(* Let $G$ be a locally compact, Hausdorff, étale groupoid and $\alpha$ an automorphism of $G$. The following are equivalent: (1) $G^\infty_\alpha$ is principal; (2) $G$ is principal and, whenever $x \in G^{(0)}$ and $l\in\mathbb{Z}$ satisfy $[x] = [\alpha^l(x)]$, we have $l = 0$.
   Context: Let $E$ be the directed graph with one vertex $v$ and countably infinitely many edges $e_1,e_2,\dots$. Let $E^*$ be its finite paths (including $v$), $E^\infty$ its infinite paths, $P = E^*\sqcup E^\infty$, $|\mu|$ the length. $H_\infty$ is the groupoid $\{(\alpha x, |\alpha|-|\beta|, \beta x) : x\in P, \alpha,\beta\in E^*\}\subseteq P\times\mathbb{Z}\times P$ with $(x,m,y)(y,n,z)=(x,m+n,z)$, $(x,m,y)^{-1}=(y,-m,x)$, unit space identified with $P$, topology generated by the sets $Z((\alpha,\beta)\setminus F)=\{(\alpha x,|\alpha|-|\beta|,\beta x): x\in P, x\text{ does not begin with an edge in }F\}$ ($F$ finite); $c(x,m,y)=m$. An automorphism is a structure-preserving homeomorphism. $G^\infty_\alpha$ is $H_\infty\times G$ with product topology, unit space $H_\infty^{(0)}\times G^{(0)}$, $r(h,g)=(r(h),r(g))$, $s(h,g)=(s(h),\alpha^{c(h)}(s(g)))$, product $(h_1,g_1)(h_2,g_2)=(h_1h_2,g_1\alpha^{-c(h_1)}(g_2))$, inverse $(h,g)^{-1}=(h^{-1},\alpha^{c(h)}(g^{-1}))$. A groupoid is principal if $g\mapsto(r(g),s(g))$ is injective. For $u\in G^{(0)}$, $[u] = \{r(g) : s(g) = u\}$. *)

From mathcomp Require Import all_boot all_order all_algebra.
From mathcomp Require Import all_classical all_reals all_analysis.
Set Implicit Arguments. Unset Strict Implicit. Unset Printing Implicit Defensive.
Import Order.TTheory GRing.Theory Num.Theory.
Local Open Scope classical_set_scope.
Local Open Scope ring_scope.

(* ---------- groupoids (unit space = subset of the arrows) ---------- *)
Record groupoid (T : Type) := Groupoid {
  rg : T -> T;  sg : T -> T;
  mulg : T -> T -> T;  (* meaningful only on composable pairs sg g = rg h *)
  invg : T -> T;
  rg_unit : forall g, rg (rg g) = rg g /\ sg (rg g) = rg g;
  sg_unit : forall g, rg (sg g) = sg g /\ sg (sg g) = sg g;
  rg_mul : forall g h, sg g = rg h -> rg (mulg g h) = rg g;
  sg_mul : forall g h, sg g = rg h -> sg (mulg g h) = sg h;
  mulA : forall g h k, sg g = rg h -> sg h = rg k ->
           mulg (mulg g h) k = mulg g (mulg h k);
  mul_rg : forall g, mulg (rg g) g = g;
  mul_sg : forall g, mulg g (sg g) = g;
  rg_inv : forall g, rg (invg g) = sg g;
  sg_inv : forall g, sg (invg g) = rg g;
  mulV : forall g, mulg g (invg g) = rg g;
  mulVg : forall g, mulg (invg g) g = sg g
}.

Definition unit_space (T : Type) (G : groupoid T) : set T :=
  [set u | rg G u = u].

Definition principal (X Y : Type) (r s : X -> Y) : Prop :=
  forall g h, (r g, s g) = (r h, s h) -> g = h.

Definition gorbit (T : Type) (G : groupoid T) (u : T) : set T :=
  [set rg G g | g in [set g | sg G g = u]].

Definition mul_continuous (T : topologicalType) (G : groupoid T) : Prop :=
  forall g h, sg G g = rg G h ->
  forall W, nbhs (mulg G g h) W ->
  exists2 U, nbhs g U & exists2 V, nbhs h V &
    forall g' h', U g' -> V h' -> sg G g' = rg G h' -> W (mulg G g' h').

Definition topological_groupoid (T : topologicalType) (G : groupoid T) : Prop :=
  continuous (rg G) /\ continuous (sg G) /\ continuous (invg G) /\
  mul_continuous G.

Definition local_homeomorphism (T : topologicalType) (f : T -> T) : Prop :=
  continuous f /\
  forall g, exists U : set T, [/\ open U, U g,
    {in U &, injective f} &
    forall V, open V -> V `<=` U -> open (f @` V)].

Definition etale (T : topologicalType) (G : groupoid T) : Prop :=
  topological_groupoid G /\ local_homeomorphism (rg G).

Definition automorphism (T : topologicalType) (G : groupoid T)
    (a b : T -> T) : Prop :=
  [/\ cancel a b, cancel b a, continuous a, continuous b &
    [/\ forall g, a (rg G g) = rg G (a g),
        forall g, a (sg G g) = sg G (a g),
        forall g, a (invg G g) = invg G (a g) &
        forall g h, sg G g = rg G h -> a (mulg G g h) = mulg G (a g) (a h)]].

Definition apow (T : Type) (a b : T -> T) (l : int) : T -> T :=
  match l with
  | Posz n => iter n a
  | Negz n => iter n.+1 b
  end.

(* ---------- the graph E (one vertex, edges e_0, e_1, ...) and H_infty ---------- *)
(* finite paths = seq nat (the vertex v is [::]); infinite paths = nat -> nat *)
Inductive epath : Type :=
| FinP of seq nat
| InfP of (nat -> nat).

Definition catp (al : seq nat) (x : epath) : epath :=
  match x with
  | FinP s => FinP (al ++ s)
  | InfP f => InfP (fun n => if (n < size al)%N then nth 0%N al n else f (n - size al)%N)
  end.

Definition Hinf_mem (h : epath * int * epath) : Prop :=
  exists (z : epath) (al be : seq nat),
    [/\ h.1.1 = catp al z, h.2 = catp be z &
        h.1.2 = (size al)%:Z - (size be)%:Z].

Definition Hinf : Type := {h : epath * int * epath | Hinf_mem h}.

(* unit space of H_infty identified with P = epath *)
Definition Hr (h : Hinf) : epath := (proj1_sig h).1.1.
Definition Hs (h : Hinf) : epath := (proj1_sig h).2.
Definition Hc (h : Hinf) : int := (proj1_sig h).1.2.

(* G^infty_alpha = H_infty x G, with r and s as in the paper *)
Definition Ginf_r (T : Type) (G : groupoid T) (p : Hinf * T) : epath * T :=
  (Hr p.1, rg G p.2).
Definition Ginf_s (T : Type) (G : groupoid T) (a b : T -> T) (p : Hinf * T)
  : epath * T :=
  (Hs p.1, apow a b (Hc p.1) (sg G p.2)).

(** Let z be the constant infinite path and h_l = (z, l, z), an arrow of
    H_infty for every l.  The pairs (h_0, g) embed G into G^infty_alpha
    compatibly with range and source, so principality passes down to G; and
    an arrow g from a^l(x) to x yields the arrows (h_l, g^-1) and (h_0, s g)
    with the same range and source, forcing l = 0.  Conversely, if (h, g) and
    (h', g') have the same range and source, then s g' = a^(c h - c h') (s g)
    while s g and s g' lie in the same orbit, so c h = c h'; hence s g = s g',
    g = g' by principality of G, and h = h' since an arrow of H_infty is
    determined by its range, source and degree. *)
From mathcomp Require Import all_boot all_order all_algebra.
From mathcomp Require Import all_classical all_reals all_analysis.
From mathcomp Require Import zify.
Set Implicit Arguments. Unset Strict Implicit. Unset Printing Implicit Defensive.
Import Order.TTheory GRing.Theory Num.Theory.
Local Open Scope classical_set_scope.
Local Open Scope ring_scope.

Section IntegerPowers.
Variables (T : Type) (a b : T -> T).
Hypotheses (ab : cancel a b) (ba : cancel b a).

Lemma apowS l x : apow a b (l + 1) x = a (apow a b l x).
Proof.
case: l => [n|[|n]]; first by rewrite (_ : Posz n + 1 = Posz n.+1) /= ?iterS //; lia.
  by rewrite /= ba.
by rewrite (_ : Negz n.+1 + 1 = Negz n) /= ?ba // !NegzE; lia.
Qed.

Lemma apowP l x : apow a b (l - 1) x = b (apow a b l x).
Proof. by rewrite -{2}(subrK 1 l) apowS ab. Qed.

Lemma apowD n m x : apow a b (n + m) x = apow a b m (apow a b n x).
Proof.
case: m => [k|k]; elim: k => [|k IH].
- by rewrite addr0.
- by rewrite (_ : n + Posz k.+1 = (n + Posz k) + 1) ?apowS ?IH //; lia.
- by rewrite (_ : Negz 0 = - 1) ?apowP.
- by rewrite (_ : n + Negz k.+1 = (n + Negz k) - 1) ?apowP ?IH // !NegzE; lia.
Qed.

Lemma apowNK n x : apow a b (- n) (apow a b n x) = x.
Proof. by rewrite -apowD subrr. Qed.

End IntegerPowers.

Section GroupoidOrbits.
Variables (T : Type) (G : groupoid T).

Lemma unit_space_sg x : unit_space G x -> sg G x = x.
Proof. by move=> ux; rewrite -{1}ux (proj2 (rg_unit G x)). Qed.

Lemma sg_in_unit_space g : unit_space G (sg G g).
Proof. exact: (proj1 (sg_unit G g)). Qed.

Lemma gorbit_sg g : gorbit G (sg G g) = gorbit G (rg G g).
Proof.
apply/seteqP; split => _ [k /= Hk <-].
  exists (mulg G k (invg G g)); last by rewrite rg_mul // rg_inv.
  by rewrite /= sg_mul ?sg_inv // rg_inv.
by exists (mulg G k g); rewrite /= ?sg_mul ?rg_mul.
Qed.

End GroupoidOrbits.

Definition aperiodic_orbits (T : Type) (G : groupoid T) (a b : T -> T) : Prop :=
  forall (x : T) (l : int), unit_space G x ->
    gorbit G x = gorbit G (apow a b l x) -> l = 0.

Definition zero_path : epath := InfP (fun _ => 0%N).

Lemma catp_nseq0 k : catp (nseq k 0%N) zero_path = zero_path.
Proof.
congr InfP; apply: funext => n.
by case: ifP => // _; rewrite nth_nseq; case: ifP.
Qed.

(* z = 0^k z for every k, so (z, l, z) is of the form (al z, |al| - |be|, be z). *)
Lemma Hinf_mem_zero_path l : Hinf_mem ((zero_path, l), zero_path).
Proof.
have z0 : catp [::] zero_path = zero_path by exact: (catp_nseq0 0).
case: l => [k|k].
  exists zero_path, (nseq k 0%N), [::].
  by rewrite catp_nseq0 z0 /= size_nseq subr0.
exists zero_path, [::], (nseq k.+1 0%N).
by rewrite catp_nseq0 z0 /= size_nseq NegzE sub0r.
Qed.

Definition Hinf_loop (l : int) : Hinf := exist _ _ (Hinf_mem_zero_path l).

Lemma Hinf_inj (h h' : Hinf) :
  Hr h = Hr h' -> Hc h = Hc h' -> Hs h = Hs h' -> h = h'.
Proof.
case: h h' => [[[x m] y] p] [[[x' m'] y'] p']; rewrite /Hr /Hc /Hs /= => Ex Em Ey.
by subst; rewrite (Prop_irrelevance p p').
Qed.

Section SkewProduct.
Variables (T : Type) (G : groupoid T) (a b : T -> T).

Lemma Ginf_principal_principal :
  principal (Ginf_r G) (Ginf_s G a b) -> principal (rg G) (sg G).
Proof.
move=> P g h [Erg Esg].
have := P (Hinf_loop 0, g) (Hinf_loop 0, h).
by rewrite /Ginf_r /Ginf_s /= Erg Esg => /(_ erefl) [].
Qed.

Lemma Ginf_principal_aperiodic :
  principal (Ginf_r G) (Ginf_s G a b) -> aperiodic_orbits G a b.
Proof.
move=> P x l ux Eorb.
have : gorbit G x x by exists x; rewrite //= unit_space_sg.
rewrite Eorb => -[g /= sg_g rg_g].
have := P (Hinf_loop l, invg G g) (Hinf_loop 0, sg G g).
rewrite /Ginf_r /Ginf_s /Hr /Hs /= rg_inv sg_inv rg_g.
rewrite (proj1 (sg_unit G g)) (proj2 (sg_unit G g)) sg_g.
by move=> /(_ erefl) /(congr1 (fun p => Hc p.1)).
Qed.

Hypotheses (ab : cancel a b) (ba : cancel b a).

Lemma principal_Ginf :
  principal (rg G) (sg G) -> aperiodic_orbits G a b ->
  principal (Ginf_r G) (Ginf_s G a b).
Proof.
move=> PG Po [h g] [h' g']; rewrite /Ginf_r /Ginf_s /= => -[Er Erg Es Esg].
have shift : apow a b (Hc h - Hc h') (sg G g) = sg G g'.
  by rewrite apowD // Esg apowNK.
have Ec : Hc h = Hc h'.
  apply/eqP; rewrite -subr_eq0; apply/eqP.
  apply: (Po (sg G g)); first exact: sg_in_unit_space.
  by rewrite shift !gorbit_sg Erg.
have Esg' : sg G g = sg G g'.
  by rewrite -(apowNK ab ba (Hc h) (sg G g)) Esg -Ec apowNK.
by rewrite (Hinf_inj Er Ec Es) (PG g g') // Erg Esg'.
Qed.

End SkewProduct.

Theorem proposition5p1 (T : topologicalType) (G : groupoid T) (a b : T -> T) :
  locally_compact [set: T] -> hausdorff_space T -> etale G ->
  automorphism G a b ->
  (principal (Ginf_r G) (Ginf_s G a b) <->
   principal (rg G) (sg G) /\
   (forall (x : T) (l : int), unit_space G x ->
      gorbit G x = gorbit G (apow a b l x) -> l = 0)).
Proof.
move=> _ _ _ [ab ba _ _ _]; split.
  by move=> P; split; [exact: Ginf_principal_principal P
                      | exact: Ginf_principal_aperiodic P].
by case; exact: principal_Ginf.
Qed.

##########

= Task goal =
Retype word for word everything in the listing above from the line that holds "H_infty for every" down to the line that holds "an arrow g from". Keep both end lines and leave out the rest.

= Answer space =
    H_infty for every l.  The pairs (h_0, g) embed G into G^infty_alpha
    compatibly with range and source, so principality passes down to G; and
    an arrow g from a^l(x) to x yields the arrows (h_l, g^-1) and (h_0, s g)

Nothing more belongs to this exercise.